## About this task:
Scan the material for "else". Copy every line it appears in.

--*--

(* Let $M$ be a multiagent model, let $h\cdot s$ be a history of $M$ (so $\mathit{last}(h)\,T\,s$), let $\vec r$ be a record tuple that stops at $h$, let $a\in\mathit{Ag}$, $o\in\mathit{Obs}$ and $k\in\mathbb N$. Then $$\mathit{KT}^k(h\cdot s,\vec r)=U_T^k\big(\mathit{KT}^k(h,\vec r),\,s,\,\vec o(h,\vec r)\big)\quad\text{and}\quad \mathit{KT}^k\big(h,\vec r\cdot(o,|h|-1)_a\big)=U_\Delta^k\big(\mathit{KT}^k(h,\vec r),\,o,\,a\big).$$
   Context: Fix a countably infinite set $\mathit{AP}$ of atomic propositions, a finite nonempty set $\mathit{Obs}$ of observations, and a finite set of agents $\mathit{Ag}=\{a_1,\dots,a_m\}$. For a word $w$ we write $w_i$ for its letter at position $i$ (positions start at $0$), $|w|$ for its length (finite words) and $\mathit{last}(w)$ for its last letter. A multiagent model is $M=(\mathit{AP}_f,S,T,V,\{\sim_o\}_{o\in\mathit{Obs}},s_\iota,\vec o_\iota)$ where $\mathit{AP}_f\subseteq\mathit{AP}$ is finite, $S$ is a finite set of states, $T\subseteq S\times S$ is left-total, $V:S\to2^{\mathit{AP}_f}$, each $\sim_o$ is an equivalence relation on $S$, $s_\iota\in S$, and $\vec o_\iota=(\vec o_{\iota,a})_{a\in\mathit{Ag}}\in\mathit{Obs}^{\mathit{Ag}}$ gives each agent an initial observation. Paths are infinite sequences of states $s_0s_1\dots$ with $s_iTs_{i+1}$ (starting anywhere); histories are finite nonempty prefixes of paths. For a tuple $\vec o$, $\vec o_a$ is its $a$-component, $\vec o_i=\vec o_{a_i}$. An observation record is a finite word over $\mathit{Obs}\times\mathbb N$; $r_{=n}$ is the subword of $r$ consisting of the pairs with second component $n$; $r$ stops at $n$ if $r_{=m}$ is empty for all $m>n$. A record tuple is $\vec r=(\vec r_a)_{a\in\mathit{Ag}}$ of observation records; $\vec r\cdot(o,n)_a$ is $\vec r$ with $\vec r_a$ replaced by $\vec r_a\cdot(o,n)$; $\vec r$ stops at a history $h$ if each $\vec r_a$ stops at $|h|-1$. For agent $a$: $\mathit{ol}_a(\vec r,0)=\vec o_{\iota,a}\cdot o_1\cdots o_k$ if $(\vec r_a)_{=0}=(o_1,0)\cdots(o_k,0)$, and $\mathit{ol}_a(\vec r,n+1)=\mathit{last}(\mathit{ol}_a(\vec r,n))\cdot o_1\cdots o_k$ if $(\vec r_a)_{=n+1}=(o_1,n+1)\cdots(o_k,n+1)$. Histories $h,h'$ are equivalent for $a$, $h\approx^{\vec r}_a h'$, if $|h|=|h'|$ and for all $i<|h|$ and all $o$ occurring in $\mathit{ol}_a(\vec r,i)$, $h_i\sim_o h'_i$. $\vec o(h,\vec r)$ is the tuple whose $a$-component is the last element of $\mathit{ol}_a(\vec r,|h|-1)$. $k$-trees: a $0$-tree is $\langle s,\emptyset,\dots,\emptyset\rangle$ with $s\in S$; a $(k+1)$-tree is $\langle s,F_1,\dots,F_m\rangle$ with $s\in S$ and each $F_i$ a set of $k$-trees. The root of $\tau=\langle s,F_1,\dots,F_m\rangle$ is $\mathit{root}(\tau)=s$, and $\tau(a_i)=F_i$. For a history $h$ and record tuple $\vec r$: $\mathit{KT}^0(h,\vec r)=\langle\mathit{last}(h),\emptyset,\dots,\emptyset\rangle$ and $\mathit{KT}^{k+1}(h,\vec r)=\langle\mathit{last}(h),F_1,\dots,F_m\rangle$ with $F_i=\{\mathit{KT}^k(h',\vec r)\mid h'\text{ a history with }h'\approx^{\vec r}_{a_i}h\}$. Updates: $U_T^0(\langle s,\emptyset,\dots,\emptyset\rangle,s',\vec o)=\langle s',\emptyset,\dots,\emptyset\rangle$; $U_T^{k+1}(\langle s,F_1,\dots,F_m\rangle,s',\vec o)=\langle s',F'_1,\dots,F'_m\rangle$ where $F'_i=\{U_T^k(\tau,s'',\vec o)\mid\tau\in F_i,\ s''\sim_{\vec o_i}s',\ \mathit{root}(\tau)\,T\,s''\}$. $U_\Delta^0(\langle s,\emptyset,\dots,\emptyset\rangle,o,a_i)=\langle s,\emptyset,\dots,\emptyset\rangle$; $U_\Delta^{k+1}(\langle s,F_1,\dots,F_m\rangle,o,a_i)=\langle s,F'_1,\dots,F'_m\rangle$ where $F'_j=\{U_\Delta^k(\tau,o,a_i)\mid\tau\in F_j\}$ for $j\ne i$ and $F'_i=\{U_\Delta^k(\tau,o,a_i)\mid\tau\in F_i,\ \mathit{root}(\tau)\sim_o s\}$. *)

From mathcomp Require Import all_boot.
Unset Printing Implicit Defensive.

(* Atomic propositions AP are modelled by nat (countably infinite).
   Agents form a finite type Ag, observations a finite nonempty type Obs. *)
Record model (Ag Obs : finType) := Model {
  AP_f : seq nat;
  St : finType;
  T : rel St;
  V : St -> pred nat;
  sim : Obs -> rel St;
  s_iota : St;
  o_iota : Ag -> Obs;
  Obs_nonempty : 0 < #|Obs|;
  T_left_total : forall s, exists s', T s s';
  V_sub : forall s p, V s p -> p \in AP_f;
  sim_equiv : forall o, equivalence_rel (sim o)
}.
Arguments AP_f {Ag Obs} m.
Arguments St {Ag Obs} m.
Arguments T {Ag Obs} m _ _.
Arguments V {Ag Obs} m _ _.
Arguments sim {Ag Obs} m _ _ _.
Arguments s_iota {Ag Obs} m.
Arguments o_iota {Ag Obs} m _.

Section Defs.
Variables (Ag Obs : finType) (M : model Ag Obs).
Local Notation S := (St M).

Definition is_history (h : seq S) : bool :=
  if h is x :: t then path (T M) x t else false.

Definition hlast (h : seq S) : S := last (s_iota M) h.

Definition hnth (h : seq S) (i : nat) : S := nth (s_iota M) h i.

Definition orecord := seq (Obs * nat).
Definition rtuple := Ag -> orecord.

Definition rec_at (r : orecord) (n : nat) : orecord :=
  [seq p <- r | p.2 == n].

Definition rec_stops (r : orecord) (n : nat) : Prop :=
  forall m, n < m -> rec_at r m = [::].

Definition add_rec (rt : rtuple) (o : Obs) (n : nat) (a : Ag) : rtuple :=
  fun b => if b == a then rcons (rt b) (o, n) else rt b.

Definition stops_at (rt : rtuple) (h : seq S) : Prop :=
  forall a, rec_stops (rt a) (size h - 1).

Fixpoint ol (rt : rtuple) (a : Ag) (n : nat) : seq Obs :=
  match n with
  | 0 => o_iota M a :: map fst (rec_at (rt a) 0)
  | n'.+1 => last (o_iota M a) (ol rt a n') :: map fst (rec_at (rt a) n'.+1)
  end.

Definition hequiv (rt : rtuple) (a : Ag) (h h' : seq S) : Prop :=
  size h = size h' /\
  forall i, i < size h -> forall o, o \in ol rt a i -> sim M o (hnth h i) (hnth h' i).

Definition obs_tuple (h : seq S) (rt : rtuple) : Ag -> Obs :=
  fun a => last (o_iota M a) (ol rt a (size h - 1)).

(* k-trees: a 0-tree <s, {}, ..., {}> is represented by its root s;
   a (k+1)-tree is a root together with, for each agent, a set
   (predicate) of k-trees. *)
Fixpoint ktree (k : nat) : Type :=
  match k with
  | 0 => S
  | k'.+1 => (S * (Ag -> ktree k' -> Prop))%type
  end.

Definition root (k : nat) : ktree k -> S :=
  match k return ktree k -> S with
  | 0 => fun t => t
  | k'.+1 => fun t => t.1
  end.

Fixpoint KT (k : nat) (h : seq S) (rt : rtuple) : ktree k :=
  match k return ktree k with
  | 0 => hlast h
  | k'.+1 => (hlast h, fun a t =>
               exists h', is_history h' /\ hequiv rt a h' h /\ t = KT k' h' rt)
  end.

Fixpoint UT (k : nat) : ktree k -> S -> (Ag -> Obs) -> ktree k :=
  match k return ktree k -> S -> (Ag -> Obs) -> ktree k with
  | 0 => fun _ s' _ => s'
  | k'.+1 => fun tau s' ov =>
      (s', fun a t => exists tau0 s'',
             tau.2 a tau0 /\ sim M (ov a) s'' s' /\ T M (root k' tau0) s'' /\
             t = UT k' tau0 s'' ov)
  end.

Fixpoint UD (k : nat) : ktree k -> Obs -> Ag -> ktree k :=
  match k return ktree k -> Obs -> Ag -> ktree k with
  | 0 => fun tau _ _ => tau
  | k'.+1 => fun tau o ai =>
      (tau.1, fun b t => exists tau0,
             tau.2 b tau0 /\ (b = ai -> sim M o (root k' tau0) tau.1) /\
             t = UD k' tau0 o ai)
  end.

End Defs.
Arguments is_history {Ag Obs} M h.
Arguments hlast {Ag Obs} M h.
Arguments hnth {Ag Obs} M h i.
Arguments rec_at {Obs} r n.
Arguments rec_stops {Obs} r n.
Arguments add_rec {Ag Obs} rt o n a _.
Arguments stops_at {Ag Obs} M rt h.
Arguments ol {Ag Obs} M rt a n.
Arguments hequiv {Ag Obs} M rt a h h'.
Arguments obs_tuple {Ag Obs} M h rt _.
Arguments ktree {Ag Obs} M k.
Arguments root {Ag Obs} M k _.
Arguments KT {Ag Obs} M k h rt.
Arguments UT {Ag Obs} M k _ _ _.
Arguments UD {Ag Obs} M k _ _ _.

(* Extending h by s and h' by s', the
   histories rcons h' s' equivalent to rcons h s for an agent are exactly those
   with h' equivalent to h and s' ~ s for the observations the agent has at
   time |h|; as r stops at h, these are just the agent's current observation
   o(h, r), which is the condition in U_T. Appending (o, |h|-1) to an agent's
   record only adds o to the observations it has at the last position, so it
   strengthens that agent's equivalence by the condition last(h') ~_o last(h)
   imposed by U_Delta and leaves the other agents untouched. *)

From Stdlib Require Import FunctionalExtensionality PropExtensionality.
From Pilot Require Import Defs.
From mathcomp Require Import all_boot.

Section KnowledgeTreeUpdates.
Variables (Ag Obs : finType) (M : model Ag Obs).
Local Notation S := (St M).

Lemma ktree_succ_ext k (x : S) (P Q : Ag -> ktree M k -> Prop) :
  (forall b t, P b t <-> Q b t) -> (x, P) = (x, Q) :> ktree M k.+1.
Proof.
move=> PQ; congr pair.
by do 2 apply: functional_extensionality => ?; apply: propositional_extensionality.
Qed.

Lemma root_KT k h rt : Defs.root M k (KT M k h rt) = hlast M h.
Proof. by case: k. Qed.

Lemma is_history_rcons h s : 0 < size h ->
  is_history M (rcons h s) = is_history M h && T M (hlast M h) s.
Proof. by case: h => [|x t] // _; rewrite /is_history rcons_cons rcons_path. Qed.

Lemma hnth_rcons h s i : i < size h -> hnth M (rcons h s) i = hnth M h i.
Proof. by move=> lt_i_h; rewrite /hnth nth_rcons lt_i_h. Qed.

Lemma hnth_rcons_size h s : hnth M (rcons h s) (size h) = s.
Proof. by rewrite /hnth nth_rcons ltnn eqxx. Qed.

Lemma hlast_hnth {h n} : size h = n.+1 -> hlast M h = hnth M h n.
Proof. by move=> sz_h; rewrite /hlast /hnth -(nth_last (s_iota M)) sz_h. Qed.

Lemma ol_stopped (rt : rtuple Ag Obs) b n : rec_at (rt b) n.+1 = [::] ->
  ol M rt b n.+1 = [:: last (o_iota M b) (ol M rt b n)].
Proof. by move=> /= ->. Qed.

Lemma hequiv_rcons {rt : rtuple Ag Obs} {b n h h' s s'} :
  rec_at (rt b) n.+1 = [::] -> size h = n.+1 -> size h' = n.+1 ->
  hequiv M rt b (rcons h' s') (rcons h s) <->
  hequiv M rt b h' h /\ sim M (last (o_iota M b) (ol M rt b n)) s' s.
Proof.
move=> stop_b sz_h sz_h'.
have [last_h last_h'] : hnth M (rcons h s) n.+1 = s /\ hnth M (rcons h' s') n.+1 = s'.
  by rewrite -{1}sz_h -sz_h' !hnth_rcons_size.
rewrite /hequiv !size_rcons sz_h sz_h'; split.
- case=> _ equiv_ext; split; last first.
    by move: (equiv_ext n.+1 (leqnn _)); rewrite last_h last_h' ol_stopped //; apply; rewrite inE.
  split=> // i lt_i_n o o_i.
  by move: (equiv_ext i (ltnW lt_i_n) o o_i); rewrite !hnth_rcons ?sz_h ?sz_h'.
- case=> [[_ equiv_h] sim_last]; split=> // i; rewrite ltnS leq_eqVlt.
  case/orP=> [/eqP -> o|lt_i_n o o_i].
    by rewrite last_h last_h' ol_stopped // inE => /eqP ->.
  by rewrite !hnth_rcons ?sz_h ?sz_h' //; apply: equiv_h.
Qed.

Lemma KT_rcons (rt : rtuple Ag Obs) n : (forall b, rec_at (rt b) n.+1 = [::]) ->
  forall k h s, size h = n.+1 ->
  KT M k (rcons h s) rt = UT M k (KT M k h rt) s (fun b => last (o_iota M b) (ol M rt b n)).
Proof.
move=> stop_rt; elim=> [|k IHk] h s sz_h /=; first by rewrite /hlast last_rcons.
rewrite /hlast last_rcons; apply: ktree_succ_ext => b t; split.
- case=> h'' [hist_h'' [equiv_h'' ->]].
  case/lastP: h'' hist_h'' equiv_h'' => [|h' s'] hist_h' equiv_rcons.
    by move: (proj1 equiv_rcons); rewrite size_rcons.
  have sz_h' : size h' = n.+1.
    by move: (proj1 equiv_rcons); rewrite !size_rcons sz_h => -[].
  have [equiv_h sim_s'] := (hequiv_rcons (stop_rt b) sz_h sz_h').1 equiv_rcons.
  move: hist_h'; rewrite is_history_rcons ?sz_h' // => /andP [hist_h' step].
  exists (KT M k h' rt), s'; rewrite root_KT IHk //.
  by split; first exists h'.
- case=> _ [s' [[h' [hist_h' [equiv_h ->]]] [sim_s' [step ->]]]].
  have sz_h' : size h' = n.+1 by rewrite (proj1 equiv_h).
  rewrite root_KT in step.
  exists (rcons h' s'); rewrite is_history_rcons ?sz_h' ?hist_h' // IHk //.
  by split=> //; split=> //; apply/(hequiv_rcons (stop_rt b) sz_h sz_h').
Qed.

Lemma ol_add_rec_self (rt : rtuple Ag Obs) o n a i : i <= n ->
  ol M (add_rec rt o n a) a i =
  if i == n then rcons (ol M rt a i) o else ol M rt a i.
Proof.
have rec_a : add_rec rt o n a a = rcons (rt a) (o, n) by rewrite /add_rec eqxx.
elim: i => [|i IHi] le_i_n /=; rewrite rec_a /rec_at filter_rcons /=.
  by case: eqVneq => [->|]; rewrite ?map_rcons.
by rewrite IHi ?(ltnW le_i_n) // (ltn_eqF le_i_n); case: eqVneq => [->|]; rewrite ?map_rcons.
Qed.

Lemma ol_add_rec_other (rt : rtuple Ag Obs) o n a b : b != a ->
  ol M (add_rec rt o n a) b =1 ol M rt b.
Proof.
by move=> neq_ba; elim=> [|i IHi] /=; rewrite /add_rec (negbTE neq_ba) ?IHi.
Qed.

Lemma hequiv_add_rec {rt : rtuple Ag Obs} {o n a b h' h} : size h = n.+1 ->
  hequiv M (add_rec rt o n a) b h' h <->
  hequiv M rt b h' h /\ (b = a -> sim M o (hlast M h') (hlast M h)).
Proof.
move=> sz_h; case: (eqVneq b a) => [->|neq_ba]; last first.
  have ol_b : ol M (add_rec rt o n a) b =1 ol M rt b by exact: ol_add_rec_other.
  split=> [[sz_h' equiv_h]|[[sz_h' equiv_h] _]].
    split=> [|/eqP]; last by rewrite (negbTE neq_ba).
    by split=> // i lt_i o'; rewrite -ol_b; apply: equiv_h.
  by split=> // i lt_i o'; rewrite ol_b; apply: equiv_h.
split=> [[sz_h' equiv_h]|[[sz_h' equiv_h] sim_last]];
  have sz_h'' : size h' = n.+1 by rewrite sz_h'.
- split=> [|_].
    split=> // i lt_i o' o'_i; apply: equiv_h => //.
    rewrite ol_add_rec_self; last by rewrite -ltnS -sz_h''.
    by case: eqP; rewrite // mem_rcons inE o'_i orbT.
  rewrite (hlast_hnth sz_h) (hlast_hnth sz_h''); apply: equiv_h; first by rewrite sz_h''.
  by rewrite ol_add_rec_self // eqxx mem_rcons mem_head.
- split=> // i lt_i o'; have le_i_n : i <= n by rewrite -ltnS -sz_h''.
  rewrite ol_add_rec_self //; case: eqVneq => [->|_]; last exact: equiv_h.
  rewrite mem_rcons inE => /orP [/eqP ->|]; last by apply: equiv_h; rewrite sz_h''.
  by rewrite -(hlast_hnth sz_h) -(hlast_hnth sz_h''); apply: sim_last.
Qed.

Lemma KT_add_rec (rt : rtuple Ag Obs) o n a k h : size h = n.+1 ->
  KT M k h (add_rec rt o n a) = UD M k (KT M k h rt) o a.
Proof.
elim: k h => [|k IHk] h sz_h //=; apply: ktree_succ_ext => b t; split.
- case=> h' [hist_h' [/(hequiv_add_rec sz_h) [equiv_h sim_last] ->]].
  have sz_h' : size h' = n.+1 by rewrite (proj1 equiv_h).
  by exists (KT M k h' rt); rewrite root_KT IHk //; split; first exists h'.
- case=> _ [[h' [hist_h' [equiv_h ->]]] [sim_last ->]].
  have sz_h' : size h' = n.+1 by rewrite (proj1 equiv_h).
  rewrite root_KT in sim_last; exists h'; rewrite IHk //.
  by split=> //; split=> //; apply/(hequiv_add_rec sz_h).
Qed.

End KnowledgeTreeUpdates.

Theorem mainTheorem5 (Ag Obs : finType) (M : model Ag Obs)
  (h : seq (St M)) (s : St M) (rt : rtuple Ag Obs) (a : Ag) (o : Obs) (k : nat) :
  is_history M h -> is_history M (rcons h s) -> stops_at M rt h ->
  KT M k (rcons h s) rt = UT M k (KT M k h rt) s (obs_tuple M h rt) /\
  KT M k h (add_rec rt o (size h - 1) a) = UD M k (KT M k h rt) o a.
Proof.
case: h => [|x t] // _ _ stop_rt.
have sz_h : size (x :: t) = (size t).+1 by [].
rewrite /obs_tuple sz_h subSS subn0; split; last exact: KT_add_rec.
have stop_succ b : rec_at (rt b) (size t).+1 = [::].
  by apply: (stop_rt b); rewrite sz_h subSS subn0.
exact: KT_rcons.
Qed.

--*--

## Task output:
  if h is x :: t then path (T M) x t else false.
  fun b => if b == a then rcons (rt b) (o, n) else rt b.
  if i == n then rcons (ol M rt a i) o else ol M rt a i.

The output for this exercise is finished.